As noted in the first post in this series, the minister can cap the number of demand driven places, creating a ‘demand driven courses profile’.

This stops a university being paid Commonwealth contributions for enrolments in demand driven courses that exceed the profile.

Restrictions on over-enrolments apply only to ‘higher education courses’, and so over-enrolments of capped demand driven courses still result in student contributions going to the university. This preserves an element of the demand driven idea.

Transitioning out of demand driven funding

The ministerial discretion to create new demand driven funding categories (new section 30-60(3)) also creates a discretion to reverse that decision: section 33(3) Acts Interpretation Act 1901.

Without corresponding adjustments to domestic student profiles that could leave universities significantly over-enrolled on the statutory definition.

While hopefully the government/ATEC would exercise common sense if this situation arose it would be better to put the transition arrangements in the legislation.

Capped medical courses

There is no restriction on universities receiving student contributions for medical student places delivered above the ‘medical courses profile’.

Historically, medical student places have been limited by designation and a funding agreement requirement that annual completions do not exceed a specified level.

The later restraint means a major over-enrolment is unlikely and there is no need for a separate cap.

The strategic logic of managing CSP student load

Under the proposed system, there is no financial incentive to over-enrol CSPs beyond the caps. These students will generate costs without any offsetting revenues. There is also a political cost in defying the government’s wishes in a system with high levels of administrative discretion.

But the proposed system is also tougher on under-enrolments. As described in the previous post, under-enrolment automatically flows through to a lower ‘core student load’ two years later; so under-enrolment in 2027 would lead to a lower core student load in 2029 (although it can be topped up with new places).

It is not in this bill, but the government has previously announced a funding floor, in the event of under-enrolment, of 97.5% of the previous year’s grant amount. That’s much less generous than the former Higher Education Continuity Guarantee, which provided 100% of the current year’s MBGA.
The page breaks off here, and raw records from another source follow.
(* Let $\mathsf{X}$ be a complex random variable with $\mathbb{E}[|\mathsf{X}|^2]=1$, let $L\ge1$, and let $x_1,\dots,x_L$ be i.i.d. copies of $\mathsf{X}$. Assume there is a constant $\delta>0$ with $|x_\ell|^2\ge\delta$ almost surely for all $\ell$. Let $P>0$, $\sigma_{\mathrm s}^2>0$, and define the average conditional CRB $$\overline{\mathrm{CRB}}_{h_{\mathrm s}}=\frac{\sigma_{\mathrm s}^2}{P}\,\mathbb{E}\!\left[\frac{1}{\sum_{\ell=1}^L|x_\ell|^2}\right].$$ Then $$\overline{\mathrm{CRB}}_{h_{\mathrm s}}\le\frac{\sigma_{\mathrm s}^2}{P}\left[\frac1L+\frac{\mathrm{Var}(|\mathsf{X}|^2)}{L^2\delta}\right].$$
   Context: In the sensing model $\boldsymbol y_{\mathrm s}=\sqrt{P}h_{\mathrm s}\boldsymbol x+\boldsymbol z_{\mathrm s}$ with noise $\mathcal{CN}(\boldsymbol 0,\sigma_{\mathrm s}^2\boldsymbol I_L)$, the conditional CRB for estimating $h_{\mathrm s}$ given $\boldsymbol x=(x_1,\dots,x_L)$ is $\sigma_{\mathrm s}^2/(P\|\boldsymbol x\|^2)$, and the average conditional CRB is its expectation over $\boldsymbol x$, as defined in the claim. The symbols are normalized so that $\mathbb{E}[|\mathsf{X}|^2]=1$. *)

From HB Require Import structures.
From mathcomp Require Import all_boot all_order all_algebra.
From mathcomp Require Import all_classical all_reals all_analysis.
From mathcomp Require Import complex.
Set Implicit Arguments. Unset Strict Implicit. Unset Printing Implicit Defensive.
Import Order.TTheory GRing.Theory Num.Theory.
Local Open Scope classical_set_scope.
Local Open Scope ring_scope.

Section Defs.
Context (R : realType) (d : measure_display) (T : measurableType d).
Variable (P : probability T R).

Definition cmeasurable (Z : T -> R[i]) : Prop :=
  measurable_fun setT (fun t => complex.Re (Z t)) /\ measurable_fun setT (fun t => complex.Im (Z t)).

Definition cevent (Z : T -> R[i]) (A B : set R) : set T :=
  [set t | A (complex.Re (Z t)) /\ B (complex.Im (Z t))].

(* Z1 and Z2 have the same distribution (on Borel rectangles, a generating
   pi-system of the Borel sigma-algebra of C = R^2) *)
Definition same_distribution (Z1 Z2 : T -> R[i]) : Prop :=
  forall A B : set R, measurable A -> measurable B ->
    P (cevent Z1 A B) = P (cevent Z2 A B).

Definition mutually_independent (L : nat) (x : 'I_L -> T -> R[i]) : Prop :=
  forall (J : {set 'I_L}) (A B : 'I_L -> set R),
    (forall l, measurable (A l) /\ measurable (B l)) ->
    P (\big[setI/setT]_(l in J) cevent (x l) (A l) (B l))
    = (\prod_(l in J) P (cevent (x l) (A l) (B l)))%E.

Definition crb_cond (L : nat) (Pw sigma2 : R) (x : 'I_L -> T -> R[i]) (t : T) : R :=
  sigma2 / (Pw * \sum_(l < L) ComplexField.Normc.normc (x l t) ^+ 2).

Definition avg_crb (L : nat) (Pw sigma2 : R) (x : 'I_L -> T -> R[i]) : \bar R :=
  expectation P (crb_cond Pw sigma2 x).

End Defs.

From HB Require Import structures.
From mathcomp Require Import all_boot all_order all_algebra.
From mathcomp Require Import all_classical all_reals all_analysis.
From mathcomp Require Import complex.
From mathcomp Require Import measurable_realfun.
From mathcomp Require Import ring.
Set Implicit Arguments. Unset Strict Implicit. Unset Printing Implicit Defensive.
Import Order.TTheory GRing.Theory Num.Theory.
Local Open Scope classical_set_scope.
Local Open Scope ring_scope.

(* Write S = sum_l |x_l|^2.  Since 1/S + S/L^2 = 2/L + (S - L)^2 / (L^2 S) and
   S >= L delta almost surely, E[1/S] + E[S]/L^2 <= 2/L + E[(S - L)^2] / (L^3 delta).
   The |x_l|^2 are i.i.d. with mean 1, so E[S] = L and E[(S - L)^2] = L Var(|X|^2),
   hence E[1/S] <= 1/L + Var(|X|^2) / (L^2 delta).  Independence enters only through
   E[|x_i|^2 |x_j|^2] = 1 for i <> j; as it is only assumed on Borel rectangles, both
   factors are expanded into squared real and imaginary parts, which are pairwise
   independent. *)

Section nonnegative_integrals.
Context (R : realType) (d : measure_display) (T : measurableType d).
Variable P : probability T R.
Local Open Scope ereal_scope.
The logic of the system, therefore, seems to be to aim for EFTSL somewhere in the middle of whatever over-enrolment buffer zone is relevant, leaving small amounts of room for final student load being slightly lower or higher than anticipated.
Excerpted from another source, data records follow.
Lemma h3_gt0 (R : numDomainType) d : 0 < h3 d 1 1 1 :> R.
Proof.
rewrite /h3; under eq_bigr do under eq_bigr do rewrite !expr1n !mulr1.
rewrite big_ltn // [X in 0 < X + _]big_ltn // -addrA ltr_pwDl ?ltr01 //.
by rewrite addr_ge0 ?sumr_ge0 // => *; apply: sumr_ge0.
Qed.

Lemma h3part_gt0 (R : numDomainType) lam : 0 < h3part lam 1 1 1 :> R.
Proof. by apply: prodr_gt0 => k _; apply: h3_gt0. Qed.

Definition mnm3 (i j k : nat) : 'X_{1..3} := [multinom nth 0%N [:: i; j; k] l | l < 3].

Lemma mdeg3 (m : 'X_{1..3}) : mdeg m = (m 0%R + m 1%R + m 2%R)%N.
Proof.
rewrite mdegE !big_ord_recr big_ord0 /=.
by congr (m _ + m _ + m _)%N; apply: val_inj.
Qed.

Lemma mnm3_eta (m : 'X_{1..3}) : m = mnm3 (m 0%R) (m 1%R) (m 2%R).
Proof. apply/mnmP => -[[|[|[|i]]] Hi]; rewrite mnmE //=; congr (m _); exact: val_inj. Qed.

Lemma mdeg_mnm3 i j k : mdeg (mnm3 i j k) = (i + j + k)%N.
Proof. by rewrite mdeg3 !mnmE. Qed.

Lemma mpolyX_mnm3 (R : comNzRingType) i j k :
  'X_[mnm3 i j k] = 'X_0 ^+ i * 'X_1 ^+ j * 'X_2 ^+ k :> {mpoly R[3]}.
Proof.
rewrite mpolyXE_id !big_ord_recr big_ord0 /= mul1r !mnmE /=.
by congr ('X_ _ ^+ _ * 'X_ _ ^+ _ * 'X_ _ ^+ _); apply: val_inj.
Qed.

Definition bmnm3 (d i j : nat) : 'X_{1..3 < d.+1} := insubd bm0 (mnm3 i j (d - i - j)).

Lemma val_bmnm3 d i j :
  (i <= d)%N -> (j <= d - i)%N -> val (bmnm3 d i j) = mnm3 i j (d - i - j).
Proof. by move=> le_i le_j; rewrite insubdK // -topredE /= mdeg_mnm3; lia. Qed.

Lemma mdeg_bmnm3 d i j :
  (i <= d)%N -> (j <= d)%N -> (mdeg (bmnm3 d i j) == d) = (j <= d - i)%N.
Proof.
move=> le_i le_j; rewrite /bmnm3 /insubd.
by case: insubP => [u _ -> | ] /=; rewrite mdeg_mnm3 ?mdeg0; lia.
Qed.

(* A monomial of degree d in three variables is determined by its first two exponents. *)
Lemma hcomp3E (R : comNzRingType) d : hcomp R 3 d = h3 d 'X_0 'X_1 'X_2.
Proof.
rewrite /hcomp /h3; apply/esym.
under eq_bigr => i _ do
  rewrite (big_nat_widen _ _ d.+1 _ _ (leq_subr i d : (d - i < d.+1)%N)) big_mkord.
rewrite big_mkord pair_big_dep /=.
pose pair_of (m : 'X_{1..3 < d.+1}) := (inord (m 0%R) : 'I_d.+1, inord (m 1%R) : 'I_d.+1).
pose mnm_of (p : 'I_d.+1 * 'I_d.+1) := bmnm3 d p.1 p.2.
rewrite [RHS](reindex_onto mnm_of pair_of) /mnm_of; last first.
  move=> m /eqP deg_m; have := mdeg3 m; rewrite deg_m => {}deg_m.
  apply: val_inj; rewrite /mnm_of val_bmnm3 /= !inordK; try lia.
  by rewrite [RHS]mnm3_eta; congr mnm3; lia.
apply: eq_big => -[i j] /=; have := ltn_ord i; have := ltn_ord j;
  rewrite !ltnS => le_j le_i.
  rewrite mdeg_bmnm3 //; case: (boolP (j <= d - i)%N) => //= le_ij.
  apply/esym/eqP; rewrite /pair_of val_bmnm3 //= !mnmE.
  by congr pair; apply: val_inj; rewrite /= inordK.
by move=> le_ij; rewrite val_bmnm3 ?mpolyX_mnm3.
Qed.

Lemma rmorph_hpart (R : comNzRingType) (S : pzSemiRingType)
    (f : {rmorphism {mpoly R[3]} -> S}) lam :
  f (hpart R 3 lam) = h3part lam (f 'X_0) (f 'X_1) (f 'X_2).
Proof. by rewrite rmorph_prod; apply: eq_bigr => k _; rewrite hcomp3E rmorph_h3. Qed.

Lemma hpart_meval (R : comNzRingType) lam (x : 'I_3 -> R) :
  (hpart R 3 lam).@[x] = h3part lam (x 0) (x 1) (x 2).
Proof. by rewrite rmorph_hpart /= !mevalXU. Qed.

Lemma HnormE (F : fieldType) lam : Hnorm F 3 lam = (h3part lam 1 1 1)^-1 *: hpart F 3 lam.
Proof. by rewrite /Hnorm hpart_meval. Qed.

Definition diff44_521 (R : pzRingType) (a b c : R) : R :=
  42 * h3part [:: 4; 4]%N a b c - 25 * h3part [:: 5; 2; 1]%N a b c.

Lemma Hnorm44_sub_521E (F : numFieldType) :
  Hnorm F 3 [:: 4; 4]%N - Hnorm F 3 [:: 5; 2; 1]%N =
  9450^-1 *: (42 * hpart F 3 [:: 4; 4]%N - 25 * hpart F 3 [:: 5; 2; 1]%N).
Proof.
have norm44 : (h3part [:: 4; 4]%N 1 1 1)^-1 = 9450^-1 * 42 :> F.
  by rewrite /h3part /h3 unlock /=; field.
have norm521 : (h3part [:: 5; 2; 1]%N 1 1 1)^-1 = 9450^-1 * 25 :> F.
  by rewrite /h3part /h3 unlock /=; field.
by rewrite !HnormE norm44 norm521 -!scalerA -scalerBr !scaler_nat !mulr_natl.
Qed.

Lemma Hnorm44_sub_521_meval (F : numFieldType) (x : 'I_3 -> F) :
  (Hnorm F 3 [:: 4; 4]%N - Hnorm F 3 [:: 5; 2; 1]%N).@[x] =
  9450^-1 * diff44_521 (x 0) (x 1) (x 2).
Proof. by rewrite Hnorm44_sub_521E mevalZ rmorphB !rmorphM !rmorph_nat /= !hpart_meval. Qed.

Lemma Hnorm44_sub_521_sqsubst (F : numFieldType) :
  sqsubst (Hnorm F 3 [:: 4; 4]%N - Hnorm F 3 [:: 5; 2; 1]%N) =
  9450^-1 *: diff44_521 ('X_0 ^+ 2) ('X_1 ^+ 2) ('X_2 ^+ 2).
Proof.
rewrite Hnorm44_sub_521E /sqsubst comp_mpolyZ rmorphB !rmorphM !rmorph_nat /=.
by rewrite !rmorph_hpart /= !comp_mpolyXU -!tnth_nth !tnth_mktuple.
Qed.

(* The weights of the certificate have up to 220 digits: as binary [positive]
   literals they stay small, and their positivity is structural. *)
Definition posr (R : pzRingType) (p : positive) : R := (int_of_Z (Zpos p))%:~R.

Lemma posr_gt0 (R : numDomainType) p : 0 < posr R p.
Proof.
rewrite /posr ltr0z -[int_of_Z _]/(Posz (Pos.to_nat p)) ltz_nat.
exact/ssrnat.ltP/Pos2Nat.is_pos.
Qed.

Definition sos (R : pzRingType) (s : seq (positive * R)) : R :=
  \sum_(t <- s) posr R t.1 * t.2 ^+ 2.

Lemma sos_ge0 (R : realDomainType) (s : seq (positive * R)) : 0 <= sos s.
Proof. by apply: sumr_ge0 => t _; rewrite mulr_ge0 ?sqr_ge0 ?ltW ?posr_gt0. Qed.

Definition cert_scale : positive := 981578361084234406647221018548568805655522423417191059836663476551653303308914616269688768811944181329741809067715208860218834139882194025085951936580275214751641574364939892904549730108843003667696289928906713781349600%positive.

(* Coefficients beyond 5000 are written [n%:R]: the [nat] literal then stays an
   abstract [Nat.of_num_uint] term, while a bare ring numeral would be unary. *)
Section Certificate.
Variables (R : pzRingType) (y0 y1 y2 : R).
For many universities, however, such precise targeting is difficult to achieve. There are too many variables in offer acceptance rates, the share of acceptances making it past the first census date, retention levels after year 1, and divisions between part- and full-time study.

While the over-enrolment caps are intended to protect universities with less reliable enrolment shares, they are also likely to be its principal victims, because they serve students whose enrolment behaviour is harder to predict.